Biden honored the 32nd president’s style of promoting “empathy, courage, optimism” in the face of personal pain, while “lifting us out of the Great Depression, defeating tyranny, saving democracy,” he said, linking to those themes in his own campaign. He spoke with a particular focus on racial injustice, at one point evoking George Floyd and Breonna Taylor’s names, and used religious terms several times.
“God and history have called us to this moment and to this mission,” Biden said. “With our voices and our votes, we must free ourselves from the forces of darkness, from the forces of division, and from the forces of yesterday.”
On message, Biden also devoted time to criticizing Trump’s divisive approach to the pandemic that has taken and is still plaguing thousands of lives throughout the country.

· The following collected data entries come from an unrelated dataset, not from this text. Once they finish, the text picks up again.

Lemma norm_le_eps_eq_0 x : (forall eps, 0 < eps -> norm x <= eps) -> x = 0.
Proof.
  intro H. apply norm_eq0. pose proof (norm_nonneg x).
  destruct (Req_dec (norm x) 0) as [|E]; auto. specialize (H (norm x / 2)). lra.
Qed.

End Algebra.

Lemma pull_last {A : CStar} (l l' u t : A) : l = l' + t -> l + u = (l' + u) + t.
Proof. intros ->. rewrite <- !add_assoc, (add_comm _ t). reflexivity. Qed.

Lemma pull_only {A : CStar} (t : A) : t = 0 + t.
Proof. symmetry; apply add_0. Qed.

Lemma add_eq_r {A : CStar} (x y t : A) : x = y -> x + t = y + t.
Proof. intros ->; reflexivity. Qed.

Lemma eq_add_sub_r {A : CStar} (l r t : A) : l = r + (t - t) -> l = r.
Proof. intros ->. rewrite add_opp_r, add_0_r. reflexivity. Qed.

(* [pull t l] proves [l = l' + t], where [l'] is the left-associated sum [l] with one
   occurrence of the summand [t] removed. *)
Ltac pull t l :=
  lazymatch l with
  | add ?l1 t => constr:(@eq_refl _ l)
  | add ?l1 ?u => let p := pull t l1 in constr:(pull_last _ _ u t p)
  | t => constr:(pull_only t)
  end.

Ltac add_ac_loop :=
  lazymatch goal with
  | |- ?l = ?l => reflexivity
  | |- ?l = add ?r ?t =>
      let p := pull t l in
      refine (eq_trans p _); apply add_eq_r; rewrite ?add_0; add_ac_loop
  end.
(* Let $(\mathfrak g,\cdot,N)$ and $(\mathfrak g^*,\circ,S^* )$ be finite-dimensional Nijenhuis perm algebras (with $S:\mathfrak g\to\mathfrak g$ linear and $S^*$ its dual), and let $((\mathfrak g\oplus\mathfrak g^*,N+S^*,\mathfrak B),(\mathfrak g,N),(\mathfrak g^*,S^* ))$ be a Manin triple of NF perm algebras. Then: (1) the adjoint of $N+S^*$ with respect to $\mathfrak B$ is $S+N^*$, and $S+N^*$ is admissible to the Nijenhuis perm algebra $(\mathfrak g\oplus\mathfrak g^*,N+S^* )$; (2) $S$ is admissible to $(\mathfrak g,N)$; (3) $N^*$ is admissible to $(\mathfrak g^*,S^* )$.
   Context: Over a field $K$. A (right) perm algebra: bilinear product with $(xy)z=x(yz)=x(zy)$. A Nijenhuis operator $N$ on a perm algebra: $N(x)N(y)+N^2(xy)=N(N(x)y)+N(xN(y))$. A bilinear form $\mathfrak B$ is invariant if $\mathfrak B(xy,z)=\mathfrak B(y,zx)-\mathfrak B(y,xz)$. An NF perm algebra is a triple $(A,N,\mathfrak B)$ with $(A,N)$ a Nijenhuis perm algebra and $\mathfrak B$ a nondegenerate invariant bilinear form; the adjoint $\widehat N$ of $N$ is defined by $\mathfrak B(N(x),y)=\mathfrak B(x,\widehat N(y))$. A Manin triple of Frobenius perm algebra associated to $(\mathfrak g,\cdot)$ and $(\mathfrak g^*,\circ)$ is a perm algebra structure on $\mathfrak g\oplus\mathfrak g^*$ containing $(\mathfrak g,\cdot)$ and $(\mathfrak g^*,\circ)$ as subalgebras for which the form $\mathfrak B(x+a,y+b)=\langle x,b\rangle-\langle y,a\rangle$ ($x,y\in\mathfrak g$, $a,b\in\mathfrak g^*$) is invariant. A Manin triple of NF perm algebra $((\mathfrak g\oplus\mathfrak g^*,N+S^*,\mathfrak B),(\mathfrak g,N),(\mathfrak g^*,S^* ))$ is such a Manin triple for which $(\mathfrak g\oplus\mathfrak g^*,N+S^*,\mathfrak B)$ is an NF perm algebra, where $(N+S^* )(x+a)=N(x)+S^*(a)$; similarly $(S+N^* )(x+a)=S(x)+N^*(a)$ with $N^*$ the dual of $N$. A linear map $S$ on a Nijenhuis perm algebra $(A,N)$ is admissible to $(A,N)$ if for all $x,y\in A$: $S(N(x)y)+xS^2(y)-N(x)S(y)-S(xS(y))=0$ and $S(xN(y))+S^2(x)y-S(x)N(y)-S(S(x)y)=0$. *)

From HB Require Import structures.
From mathcomp Require Import all_boot all_order all_algebra.
Set Implicit Arguments. Unset Strict Implicit. Unset Printing Implicit Defensive.
Import GRing.Theory.
Local Open Scope ring_scope.

Section Generic.
Variables (K : fieldType) (A : lmodType K).

Definition bilinear_prod (m : A -> A -> A) : Prop :=
  (forall x a u v, m x (a *: u + v) = a *: m x u + m x v) /\
  (forall y a u v, m (a *: u + v) y = a *: m u y + m v y).

Definition perm_alg (m : A -> A -> A) : Prop :=
  bilinear_prod m /\
  (forall x y z, m (m x y) z = m x (m y z) /\ m x (m y z) = m x (m z y)).

Definition linmap (f : A -> A) : Prop :=
  forall a u v, f (a *: u + v) = a *: f u + f v.

Definition nijenhuis_op (m : A -> A -> A) (N : A -> A) : Prop :=
  forall x y, m (N x) (N y) + N (N (m x y)) = N (m (N x) y) + N (m x (N y)).

Definition nijenhuis_perm_alg (m : A -> A -> A) (N : A -> A) : Prop :=
  perm_alg m /\ linmap N /\ nijenhuis_op m N.

Definition bilinear_form (B : A -> A -> K) : Prop :=
  (forall x a u v, B x (a *: u + v) = a * B x u + B x v) /\
  (forall y a u v, B (a *: u + v) y = a * B u y + B v y).

Definition nondegenerate (B : A -> A -> K) : Prop :=
  (forall x, (forall y, B x y = 0) -> x = 0) /\
  (forall y, (forall x, B x y = 0) -> y = 0).

Definition invariant_form (m : A -> A -> A) (B : A -> A -> K) : Prop :=
  forall x y z, B (m x y) z = B y (m z x) - B y (m x z).

Definition NF_perm_alg (m : A -> A -> A) (N : A -> A) (B : A -> A -> K) : Prop :=
  nijenhuis_perm_alg m N /\ bilinear_form B /\ nondegenerate B /\
  invariant_form m B.

Definition is_adjoint (B : A -> A -> K) (N Nh : A -> A) : Prop :=
  forall x y, B (N x) y = B x (Nh y).

Definition admissible (m : A -> A -> A) (N S : A -> A) : Prop :=
  linmap S /\
  (forall x y, S (m (N x) y) + m x (S (S y)) - m (N x) (S y) - S (m x (S y)) = 0) /\
  (forall x y, S (m x (N y)) + m (S (S x)) y - m (S x) (N y) - S (m (S x) y) = 0).

End Generic.

Section Dual.
Variables (K : fieldType) (V : vectType K).

(* the dual space g^* of a finite-dimensional g = V *)
Definition dual := 'Hom(V, K^o).

Definition dualmap (f : 'End(V)) : dual -> dual := fun a => (a \o f)%VF.

(* the bilinear form B(x + a, y + b) = <x,b> - <y,a> on g (+) g^* *)
Definition manin_form (u v : V * dual) : K :=
  (v.2 u.1 : K) - (u.2 v.1 : K).

Definition sum_map (f : V -> V) (g : dual -> dual) : V * dual -> V * dual :=
  fun u => (f u.1, g u.2).

Definition manin_triple_perm (mg : V -> V -> V) (mgs : dual -> dual -> dual)
    (mD : V * dual -> V * dual -> V * dual) : Prop :=
  perm_alg mD /\
  (forall x y : V, mD (x, 0) (y, 0) = (mg x y, 0)) /\
  (forall a b : dual, mD (0, a) (0, b) = (0, mgs a b)) /\
  invariant_form mD manin_form.

Definition manin_triple_NF (mg : V -> V -> V) (mgs : dual -> dual -> dual)
    (mD : V * dual -> V * dual -> V * dual) (N S : 'End(V)) : Prop :=
  manin_triple_perm mg mgs mD /\
  NF_perm_alg mD (sum_map N (dualmap S)) manin_form.

End Dual.

(** For a skew-symmetric invariant form [B], invariance also reads
    [B(xy, z) = B(x, zy)].  Pairing either admissibility expression for the
    adjoint [N^] of a Nijenhuis operator [N] with an arbitrary [w] therefore
    turns it into [B]-pairings of one fixed element against the two sides of
    the Nijenhuis identity of [N], so it vanishes by nondegeneracy.  The form
    of a Manin triple is skew and [N + S^*] has adjoint [S + N^*], which is thus
    admissible; [g] and [g^*] are subalgebras on which these maps restrict to
    [N, S] and [S^*, N^*], and admissibility restricts along embeddings. *)

From Pilot Require Import Defs.
From mathcomp Require Import all_boot all_order all_algebra.
From mathcomp Require Import ring.
Local Open Scope ring_scope.
Import GRing.Theory.

Section SkewForm.
Variables (K : fieldType) (A : lmodType K) (B : A -> A -> K).
Hypotheses (B_bilin : bilinear_form B) (B_skew : forall u v, B u v = - B v u).

Lemma formDl u v w : B (u + v) w = B u w + B v w.
Proof. by have := B_bilin.2 w 1 u v; rewrite scale1r mul1r. Qed.

Lemma formDr u v w : B w (u + v) = B w u + B w v.
Proof. by have := B_bilin.1 w 1 u v; rewrite scale1r mul1r. Qed.

Lemma formNl u w : B (- u) w = - B u w.
Proof.
have B0 : B 0 w = 0.
  by apply: (addrI (B 0 w)); rewrite -formDl !addr0.
by apply: (addIr (B u w)); rewrite -formDl !addNr B0.
Qed.

Lemma formBl u v w : B (u - v) w = B u w - B v w.
Proof. by rewrite formDl formNl. Qed.

Lemma formBr u v w : B w (u - v) = B w u - B w v.
Proof. by rewrite B_skew formBl (B_skew u) (B_skew v); ring. Qed.

Lemma adjoint_formE {N Nh : A -> A} :
  is_adjoint B N Nh -> forall p w, B (Nh p) w = B p (N w).
Proof. by move=> adj p w; rewrite B_skew -adj B_skew opprK. Qed.

Lemma adjoint_linmap (N Nh : A -> A) :
  Defs.nondegenerate B -> is_adjoint B N Nh -> linmap Nh.
Proof.
move=> nondeg adj a u v; apply/eqP; rewrite -subr_eq0; apply/eqP.
apply: nondeg.2 => x.
by rewrite formBr B_bilin.1 -!adj B_bilin.1 subrr.
Qed.

Variable m : A -> A -> A.
Hypothesis B_inv : invariant_form m B.

Lemma invariant_form_swap a b c : B (m a b) c = B a (m c b).
Proof.
have i1 := B_inv b a c; have i2 := B_inv b c a.
rewrite (B_skew a (m c b)) (B_skew a (m b c)) in i1.
rewrite (B_skew c (m a b)) (B_skew c (m b a)) in i2.
rewrite i2 in i1.
move/eqP: i1; rewrite -subr_eq0 => /eqP i1.
by rewrite (B_skew a) -[LHS]subr0 -i1; ring.
Qed.

Variables (N Nh : A -> A).
Hypotheses (B_nondeg : Defs.nondegenerate B) (adjN : is_adjoint B N Nh)
  (nijN : nijenhuis_op m N).

Lemma adjoint_admissible_l x y :
  Nh (m (N x) y) + m x (Nh (Nh y)) - m (N x) (Nh y) - Nh (m x (Nh y)) = 0.
Proof.
apply: B_nondeg.1 => w.
have e1 : B (Nh (m (N x) y)) w = B y (m (N w) (N x)) - B y (m (N x) (N w))
  by rewrite (adjoint_formE adjN) B_inv.
have e2 : B (m x (Nh (Nh y))) w = B y (N (N (m w x))) - B y (N (N (m x w)))
  by rewrite B_inv !(adjoint_formE adjN).
have e3 : B (m (N x) (Nh y)) w = B y (N (m w (N x))) - B y (N (m (N x) w))
  by rewrite B_inv !(adjoint_formE adjN).
have e4 : B (Nh (m x (Nh y))) w = B y (N (m (N w) x)) - B y (N (m x (N w)))
  by rewrite (adjoint_formE adjN) B_inv !(adjoint_formE adjN).
have n1 := congr1 (B y) (nijN w x); rewrite !formDr in n1.
have n2 := congr1 (B y) (nijN x w); rewrite !formDr in n2.
have h1 : B y (m (N w) (N x)) = B y (N (m (N w) x)) + B y (N (m w (N x)))
   - B y (N (N (m w x))) by rewrite -n1 addrK.
have h2 : B y (m (N x) (N w)) = B y (N (m (N x) w)) + B y (N (m x (N w)))
   - B y (N (N (m x w))) by rewrite -n2 addrK.
rewrite !formBl formDl e1 e2 e3 e4 h1 h2; ring.
Qed.

Lemma adjoint_admissible_r x y :
  Nh (m x (N y)) + m (Nh (Nh x)) y - m (Nh x) (N y) - Nh (m (Nh x) y) = 0.
Proof.
apply: B_nondeg.1 => w.
have f1 : B (Nh (m x (N y))) w = B x (m (N w) (N y))
  by rewrite (adjoint_formE adjN) invariant_form_swap.
have f2 : B (m (Nh (Nh x)) y) w = B x (N (N (m w y)))
  by rewrite invariant_form_swap !(adjoint_formE adjN).
have f3 : B (m (Nh x) (N y)) w = B x (N (m w (N y)))
  by rewrite invariant_form_swap (adjoint_formE adjN).
have f4 : B (Nh (m (Nh x) y)) w = B x (N (m (N w) y))
  by rewrite (adjoint_formE adjN) invariant_form_swap
    (adjoint_formE adjN).
have n := congr1 (B x) (nijN w y); rewrite !formDr in n.
rewrite !formBl formDl f1 f2 f3 f4 n; ring.
Qed.

Lemma adjoint_admissible : admissible m N Nh.
Proof.
split; first exact: adjoint_linmap B_nondeg adjN.
by split=> x y; [apply: adjoint_admissible_l | apply: adjoint_admissible_r].
Qed.

End SkewForm.

Lemma admissible_embedding {K : fieldType} {A A' : lmodType K}
    {m : A -> A -> A} {m' : A' -> A' -> A'} {N S : A -> A} {N' S' : A' -> A'}
    (i : A' -> A) :
  injective i -> (forall u v, i (u - v) = i u - i v) ->
  (forall x y, m (i x) (i y) = i (m' x y)) ->
  (forall x, N (i x) = i (N' x)) -> (forall x, S (i x) = i (S' x)) ->
  linmap S' -> admissible m N S -> admissible m' N' S'.
Proof.
move=> inj_i iB im iN iS linS' [_ [admL admR]].
have i0 : i 0 = 0 by rewrite -(subrr 0) iB subrr.
have iN' v : i (- v) = - i v by rewrite -sub0r iB i0 sub0r.
have iD u v : i (u + v) = i u + i v by rewrite -(opprK v) iB !iN' opprK.
split; first exact: linS'.
split=> x y; apply: inj_i; rewrite i0 !iB iD.
- by rewrite -(admL (i x) (i y)) !(iN, iS, im).
- by rewrite -(admR (i x) (i y)) !(iN, iS, im).
Qed.

Section ManinTriple.
Variables (K : fieldType) (V : vectType K).

Lemma manin_form_skew (u v : V * dual V) :
  manin_form u v = - manin_form v u.
Proof. by rewrite /manin_form opprB. Qed.

Lemma dualmap_linmap (f : 'End(V)) : linmap (dualmap f).
Proof.
move=> a u v; apply/lfunP => x.
by rewrite /dualmap !(comp_lfunE, add_lfunE, scale_lfunE).
Qed.

Lemma sum_map_linmap (f g : 'End(V)) : linmap (sum_map f (dualmap g)).
Proof.
by move=> a [u1 u2] [v1 v2]; rewrite /sum_map /= linearP dualmap_linmap.
Qed.

Lemma manin_form_adjoint (N S : 'End(V)) :
  is_adjoint (@manin_form K V) (sum_map N (dualmap S)) (sum_map S (dualmap N)).
Proof.
by move=> [x a] [y b]; rewrite /manin_form /sum_map /dualmap /= !comp_lfunE.
Qed.

Lemma sum_map_inl (f g : 'End(V)) x : sum_map f (dualmap g) (x, 0) = (f x, 0).
Proof.
by congr pair; apply/lfunP => y; rewrite /dualmap comp_lfunE !zero_lfunE.
Qed.

Lemma sum_map_inr (f g : 'End(V)) a :
  sum_map f (dualmap g) (0, a) = (0, dualmap g a).
Proof. by rewrite /sum_map /= linear0. Qed.

End ManinTriple.

Theorem lemma2p21 (K : fieldType) (V : vectType K)
    (mg : V -> V -> V) (mgs : dual V -> dual V -> dual V)
    (mD : V * dual V -> V * dual V -> V * dual V) (N S : 'End(V)) :
  nijenhuis_perm_alg mg N ->
  nijenhuis_perm_alg mgs (dualmap S) ->
  manin_triple_NF mg mgs mD N S ->
  (is_adjoint (@manin_form K V) (sum_map N (dualmap S)) (sum_map S (dualmap N)) /\
   admissible mD (sum_map N (dualmap S)) (sum_map S (dualmap N))) /\
  admissible mg N S /\
  admissible mgs (dualmap S) (dualmap N).
Proof.
move=> _ _ [[_ [mD_inl [mD_inr _]]] [[_ [_ nijNS]] [bilin [nondeg inv]]]].
have admD := @adjoint_admissible _ _ _ bilin (@manin_form_skew K V) _ inv _ _
  nondeg (@manin_form_adjoint _ _ N S) nijNS.
split; first by split; [exact: manin_form_adjoint | exact: admD].
split.
- apply: (admissible_embedding (fun x => (x, 0)) _ _ mD_inl _ _ _ admD).
  + by move=> x y [].
  + by move=> u v; congr pair; rewrite subr0.
  + exact: sum_map_inl.
  + exact: sum_map_inl.
  + by move=> a u v; rewrite linearP.
- apply: (admissible_embedding (fun a => (0, a)) _ _ mD_inr _ _ _ admD).
  + by move=> a b [].
  + by move=> u v; congr pair; rewrite subr0.
  + exact: sum_map_inr.
  + exact: sum_map_inr.
  + exact: dualmap_linmap.
Qed.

“Many of these lives lost in the cruelest way possible,” Biden said. “Alone. Alone in a hospital room. Alone in a nursing home. No family. No friends. No loved ones beside them in those final moments.”
“I know how it feels to lose someone you love. I know that deep black hole that opens up in your chest,” he said. “The tragic truth of our time is that COVID has left a deep and lasting wound in this country.”
Later on Tuesday in Atlanta, Biden is expected to speak at a “drive-in” event, which has become a campaign favorite. In the state, polling averages show a statistical tie between the two nominees, with Biden at 47.6 percent and Trump at 47.2 percent.
“When news of FDR’s death went out on the wires, an editor in Chicago turned to his colleagues and said, ‘Clear the decks for action,’” Biden said. “So I say to you today: If you give me the honor of serving as your president, clear the decks for action, for we will act.”